It seems that they lost ceph authentication:

root@cloudvirt-wdqs1003:~# rbd ls -l eqiad1-glance-images | wc
2021-02-22 11:55:21.456 7f82f114d0c0 -1 auth: unable to find a keyring on /etc/ceph/ceph.client.admin.keyring,/etc/ceph/ceph.keyring,/etc/ceph/keyring,/etc/ceph/keyring.bin,: (2) No such file or directory
2021-02-22 11:55:21.456 7f82f114d0c0 -1 AuthRegistry(0x55f9851aa2a8) no keyring found at /etc/ceph/ceph.client.admin.keyring,/etc/ceph/ceph.keyring,/etc/ceph/keyring,/etc/ceph/keyring.bin,, disabling cephx
2021-02-22 11:55:21.456 7f82f114d0c0 -1 auth: unable to find a keyring on /etc/ceph/ceph.client.admin.keyring,/etc/ceph/ceph.keyring,/etc/ceph/keyring,/etc/ceph/keyring.bin,: (2) No such file or directory
2021-02-22 11:55:21.456 7f82f114d0c0 -1 AuthRegistry(0x7ffd845470b8) no keyring found at /etc/ceph/ceph.client.admin.keyring,/etc/ceph/ceph.keyring,/etc/ceph/keyring,/etc/ceph/keyring.bin,, disabling cephx
rbd: couldn't connect to the cluster!
rbd: listing images failed: (2) No such file or directory
      0       0       0

Yep, the ones that are working have no problem accessing:

dcaro@cloudvirt1025:~$ sudo rbd ls -l eqiad1-glance-images | wc
151     608   15553

Looking into puppet...

Hmm... it seems that the image has no data from any of the nodes:

root@cloudvirt1035:~# glance image-download 6b67c8a1-6356-464d-a885-0576d7263e51 --file test.ovf
Image 6b67c8a1-6356-464d-a885-0576d7263e51 has no data.

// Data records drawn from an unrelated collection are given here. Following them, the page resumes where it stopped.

Lemma path_colouring_of_induced ns ns' n (P : nat -> nat -> bool) K I :
  full_map ns' all_vertices ns K I ->
  (forall k i, forest_vertex ns' k i -> P (K k i) (I k i)) ->
  full_colourable (@induced _ (@LF_rel ns) (vertex_set ns P)) (@path_rel n) ->
  exists g, path_colouring ns' all_vertices n g.
Proof.
case=> K_vert K_adj KP [psi psi_full].
pose f x := if insub x : option (sub_vert (vertex_set ns P)) is Some y then val (psi y) else 0.
have fE k i (hk : k < size ns) (hi : i < nth 0 ns k) : P k i ->
    exists u : sub_vert (vertex_set ns P),
      val u = forest_vert hk hi /\ on_pairs f k i = val (psi u).
  move=> hP; have hin : forest_vert hk hi \in vertex_set ns P by rewrite inE.
  exists (Sub (forest_vert hk hi) hin); split=> //.
  by rewrite (on_pairsE _ hk hi) /f insubT.
exists (fun k i => on_pairs f (K k i) (I k i)); split.
- move=> k i hv _; have /andP [hk hi] := K_vert _ _ hv erefl.
  by have [u [_ ->]] := fE _ _ hk hi (KP _ _ hv); rewrite ltn_ord.
- move=> k i k' i' hv _ hv' _.
  have /andP [hk hi] := K_vert _ _ hv erefl.
  have /andP [hk' hi'] := K_vert _ _ hv' erefl.
  have [u [eu ->]] := fE _ _ hk hi (KP _ _ hv).
  have [u' [eu' ->]] := fE _ _ hk' hi' (KP _ _ hv').
  rewrite -path_relE -psi_full /induced eu eu'.
  exact: K_adj.
Qed.

Lemma induced_colourable_of_path_colouring ns n (P : nat -> nat -> bool) g :
  path_colouring ns P n g ->
  full_colourable (@induced _ (@LF_rel ns) (vertex_set ns P)) (@path_rel n).
Proof.
case=> g_lt g_adj.
have uP (u : sub_vert (vertex_set ns P)) : P (tag (val u)) (tagged (val u)).
  by have := valP u; rewrite inE.
exists (fun u => Ordinal (g_lt _ _ (forest_vertex_tag (val u)) (uP u))) => u v.
by rewrite path_relE /= /induced g_adj ?forest_vertex_tag ?uP.
Qed.

Lemma induced_colourable_subset (T U : finType) (e : rel T) (f : rel U) (S S' : {set T}) :
  S \subset S' -> full_colourable (@induced T e S') f -> full_colourable (@induced T e S) f.
Proof.
move=> /subsetP sub [psi psi_full].
by exists (fun u : sub_vert S => psi (Sub (val u) (sub _ (valP u)))) => u v; rewrite -psi_full.
Qed.

(* A component with [x > 0] vertices, together with the gap to the next one,
   takes up [x + 1] vertices of the host path; empty components (created by
   deleting an end vertex) take up none. *)
Definition comp_weight (x : nat) : nat := if x is 0 then 0 else x.+1.
Definition forest_weight (ns : seq nat) : nat := sumn (map comp_weight ns).
Definition forest_offset (ns : seq nat) (k : nat) : nat := sumn (map comp_weight (take k ns)).

Lemma comp_weight_pos x : 0 < x -> comp_weight x = x.+1.
Proof. by case: x. Qed.

Lemma comp_weight_cases x : (x = 0 /\ comp_weight x = 0) \/ (0 < x /\ comp_weight x = x.+1).
Proof. by case: x => [|x]; [left|right]. Qed.

Lemma forest_offsetS ns k :
  forest_offset ns k.+1 =
  forest_offset ns k + (if k < size ns then comp_weight (nth 0 ns k) else 0).
Proof.
rewrite /forest_offset; case: ltnP => hk.
- by rewrite (take_nth 0 hk) map_rcons sumn_rcons.
- by rewrite !take_oversize ?addn0 //; lia.
Qed.

Lemma forest_offset_mono ns : {homo forest_offset ns : k k' / k <= k'}.
Proof.
move=> k k' /subnKC <-; elim: (k' - k) => [|d IH]; first by rewrite addn0.
rewrite addnS forest_offsetS; lia.
Qed.

Lemma forest_offset_gap ns k k' : k < k' -> k < size ns ->
  forest_offset ns k + comp_weight (nth 0 ns k) <= forest_offset ns k'.
Proof. by move=> /(forest_offset_mono ns) + hk; rewrite forest_offsetS hk. Qed.

Lemma forest_offset_bound ns k : k < size ns ->
  forest_offset ns k + comp_weight (nth 0 ns k) <= forest_weight ns.
Proof.
move=> hk; have := forest_offset_gap hk hk.
by rewrite /forest_offset [in X in _ <= X]take_size.
Qed.

Lemma forest_weight_set ns k a : k < size ns ->
  forest_weight (set_nth 0 ns k a) + comp_weight (nth 0 ns k) = forest_weight ns + comp_weight a.
Proof.
elim: ns k => [|x ns IH] [|k] //= hk; rewrite /forest_weight /=; first lia.
by have := IH k hk; rewrite /forest_weight; lia.
Qed.

Lemma forest_weight_rcons ns b : forest_weight (rcons ns b) = forest_weight ns + comp_weight b.
Proof. by rewrite /forest_weight map_rcons sumn_rcons. Qed.

Lemma forest_weight_neq1 ns : forest_weight ns != 1.
Proof. by elim: ns => [|[|x] ns IH] //; rewrite /forest_weight /=; lia. Qed.

Lemma forest_weight_eq0 ns : (forall k, k < size ns -> nth 0 ns k = 0) -> forest_weight ns = 0.
Proof.
elim: ns => [|x ns IH] //= h0; have /= -> := h0 0 erefl.
by apply: IH => k; apply: (h0 k.+1).
Qed.

Lemma forest_vertex_set0 ns k0 k i : k0 < size ns ->
  forest_vertex (set_nth 0 ns k0 0) k i = forest_vertex ns k i && (k != k0).
Proof.
move=> hk0; rewrite /forest_vertex size_set_nth nth_set_nth /=.
by case: eqP => [->|hne]; lia.
Qed.

Lemma path_colouring_layout ns n : (forest_weight ns).-1 <= n ->
  exists g, path_colouring ns all_vertices n g /\ forest_injective ns g.
Proof.
move=> hW.
have apart k i k' i' : forest_vertex ns k i -> forest_vertex ns k' i' -> k < k' ->
    forest_offset ns k + i + 2 <= forest_offset ns k' + i'.
  move=> /andP [hk hi] /andP [hk' hi'] hkk.
  by have := forest_offset_gap hkk hk; rewrite comp_weight_pos; lia.
exists (fun k i => forest_offset ns k + i); split; first split.
- move=> k i /andP [hk hi] _.
  by have := forest_offset_bound hk; rewrite comp_weight_pos; lia.
- move=> k i k' i' hv _ hv' _; rewrite /forest_adj /nat_adj.
  case: (ltngtP k k') => hkk; [have := apart _ _ _ _ hv hv' hkk | 
    have := apart _ _ _ _ hv' hv hkk | subst k']; lia.
- move=> k i k' i' hv hv'.
  case: (ltngtP k k') => hkk; [have := apart _ _ _ _ hv hv' hkk | 
    have := apart _ _ _ _ hv' hv hkk | subst k']; lia.
Qed.

Lemma component_run ns n g k :
  path_colouring ns all_vertices n g -> forest_injective ns g -> k < size ns ->
  (forall i, i < nth 0 ns k -> g k i = g k 0 + i) \/
  (forall i, i < nth 0 ns k -> g k i + i = g k 0).
Proof.
move=> [_ g_adj] g_inj hk; set v := nth 0 ns k.
have vk i : i < v -> forest_vertex ns k i by move=> hi; rewrite /forest_vertex hk.
have adj i : i.+1 < v -> nat_adj (g k i) (g k i.+1).
  by move=> hi; rewrite g_adj ?vk //; [rewrite /forest_adj /nat_adj; lia | lia].
have nxt i : i.+2 < v -> g k i.+2 <> g k i.
  by move=> hi e; have [_] := g_inj _ _ _ _ (vk _ hi) (vk i (ltnW (ltnW hi))) e; lia.
case: (ltnP 1 v) => hv; last by left=> i hi; rewrite (_ : i = 0) ?addn0 //; lia.
have := adj 0 hv; rewrite /nat_adj => /orP [/eqP up | /eqP down].
- left; have step i : i.+1 < v -> g k i.+1 = (g k i).+1.
    elim: i => [|i IH] hi; first by rewrite up.
    by have := IH (ltnW hi); have := adj _ hi; have := nxt _ hi; rewrite /nat_adj; lia.
  elim=> [|i IH] hi; first by rewrite addn0.
  by rewrite step //; have := IH (ltnW hi); lia.
- right; have step i : i.+1 < v -> (g k i.+1).+1 = g k i.
    elim: i => [|i IH] hi; first by rewrite down.
    by have := IH (ltnW hi); have := adj _ hi; have := nxt _ hi; rewrite /nat_adj; lia.
  elim=> [|i IH] hi; first by rewrite addn0.
  by have := step _ hi; have := IH (ltnW hi); lia.
Qed.

(* The component through the top vertex [n - 1] is a run of consecutive vertices
   ending there, which no other component may meet or touch. *)
Lemma top_component_gap ns n g ks i0 :
  path_colouring ns all_vertices n g -> forest_injective ns g ->
  forest_vertex ns ks i0 -> g ks i0 = n.-1 ->
  nth 0 ns ks <= n /\
  forall k i, forest_vertex ns k i -> k != ks -> g k i + nth 0 ns ks + 1 <= n.-1.
Proof.
move=> gP g_inj hv top; have [g_lt g_adj] := gP; have /andP [hks his] := hv.
have n_gt0 : 0 < n by have := g_lt _ _ hv erefl; lia.
set v := nth 0 ns ks in his *.
have vk i : i < v -> forest_vertex ns ks i by move=> hi; rewrite /forest_vertex hks.
have below k i : forest_vertex ns k i -> g k i <= n.-1.
  by move=> h; have := g_lt _ _ h erefl; lia.
have nadj k i j : forest_vertex ns k i -> k != ks -> j < v -> nat_adj (g k i) (g ks j) = false.
  by move=> h hne hj; rewrite g_adj ?vk //; rewrite /forest_adj; lia.
have nhit k i j : forest_vertex ns k i -> k != ks -> j < v -> g k i <> g ks j.
  by move=> h hne hj e; have [] := g_inj _ _ _ _ h (vk _ hj) e; lia.
case: (component_run gP g_inj hks) => run.
- have := run _ his; have := run v.-1 (ltac:(lia)); have := below _ _ (vk v.-1 (ltac:(lia))).
  rewrite top => hlast e1 e2; split; first lia.
  move=> k i h hne; have b := below _ _ h.
  case: (leqP (g ks 0) (g k i)) => c.
    exfalso; apply: (nhit _ _ (g k i - g ks 0) h hne); first lia.
    by rewrite run; lia.
  case: (leqP (g k i + v + 1) n.-1) => // c2.
  by have := nadj _ _ 0 h hne (ltac:(lia)); rewrite /nat_adj; lia.
- have e0 : g ks 0 = n.-1.
    by have := run _ his; have := below _ _ (vk 0 (ltac:(lia))); lia.
  have hlast := run v.-1 (ltac:(lia)); split; first lia.
  move=> k i h hne; have b := below _ _ h.
  case: (leqP (n.-1 - v) (g k i)) => c; last lia.
  case: (leqP (n.-1 - v).+1 (g k i)) => c2.
    exfalso; apply: (nhit _ _ (n.-1 - g k i) h hne); first lia.
    by have := run (n.-1 - g k i) (ltac:(lia)); lia.
  have := nhit _ _ v.-1 h hne (ltac:(lia)).
  by have := nadj _ _ v.-1 h hne (ltac:(lia)); rewrite /nat_adj; lia.
Qed.

Lemma weight_le_of_injective_colouring n ns g :
  path_colouring ns all_vertices n g -> forest_injective ns g -> (forest_weight ns).-1 <= n.
Proof.
elim/ltn_ind: n ns g => n IH ns g gP g_inj; have [g_lt g_adj] := gP.
case: (classic (exists k i, forest_vertex ns k i /\ g k i = n.-1)) => [[ks [i0 [hv top]]] | no_top].
- have [hvn gap] := top_component_gap gP g_inj hv top.
  have n_gt0 : 0 < n by have := g_lt _ _ hv erefl; lia.
  have /andP [hks his] := hv; set v := nth 0 ns ks in hvn gap his.
  set ns' := set_nth 0 ns ks 0.
  have gP' : path_colouring ns' all_vertices (n.-1 - v) g.
    split=> [k i | k i k' i']; rewrite ?forest_vertex_set0 //.
      by move=> /andP [h hne] _; have := gap _ _ h hne; lia.
    by move=> /andP [h _] _ /andP [h' _] _; exact: g_adj.
  have g_inj' : forest_injective ns' g.
    by move=> k i k' i'; rewrite !forest_vertex_set0 // => /andP [h _] /andP [h' _]; exact: g_inj.
  have := IH (n.-1 - v) (ltac:(lia)) _ _ gP' g_inj'; have := forest_weight_neq1 ns'.
  by have := forest_weight_set 0 hks; rewrite -/v -/ns' comp_weight_pos; lia.
- case: (posnP n) => [n0 | n_gt0].
    rewrite forest_weight_eq0 // => k hk; subst n.
    case: (posnP (nth 0 ns k)) => // hp.
    by have := g_lt k 0; rewrite /forest_vertex hk hp => /(_ erefl erefl).
  suff /IH : path_colouring ns all_vertices n.-1 g by move=> /(_ (ltac:(lia)) g_inj); lia.
  split=> // k i h _; have := g_lt _ _ h erefl.
  have : g k i <> n.-1 by move=> e; apply: no_top; exists k, i.
  lia.
Qed.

The image is in ceph, and it seems to have data on it:

dcaro@cloudcontrol1003:~$ sudo rbd ls -l eqiad1-glance-images | grep 6b67c8a1-6356-464d-a885-0576d7263e51
dcaro@cloudcontrol1003:~$ sudo rbd export --pool=eqiad1-glance-images 6b67c8a1-6356-464d-a885-0576d7263e51 6b67c8a1-6356-464d-a885-0576d7263e51.buster.img
Exporting image: 47% complete...

Yep, it definetly has some stuff:

dcaro@cloudcontrol1003:~$ ls -la 6b67c8a1-6356-464d-a885-0576d7263e51.buster.img
-rw-r--r-- 1 root root 20401094656 Feb 22 12:24 6b67c8a1-6356-464d-a885-0576d7263e51.buster.img
dcaro@cloudcontrol1003:~$ du -hs 6b67c8a1-6356-464d-a885-0576d7263e51.buster.img
3.0G    6b67c8a1-6356-464d-a885-0576d7263e51.buster.img

Other images seem to download correctly, and also look ok on ceph side, so there mush be something specific about this
one...

root@cloudvirt1025:~# glance image-download ad7bee1a-a890-4fed-b851-6c02138683b0 --file test.iso
^C... terminating glance client

root@cloudvirt1025:~# ls -la test.iso
-rw-r--r-- 1 root root 2471428096 Feb 22 14:24 test.iso

Might just re-upload it see if that works.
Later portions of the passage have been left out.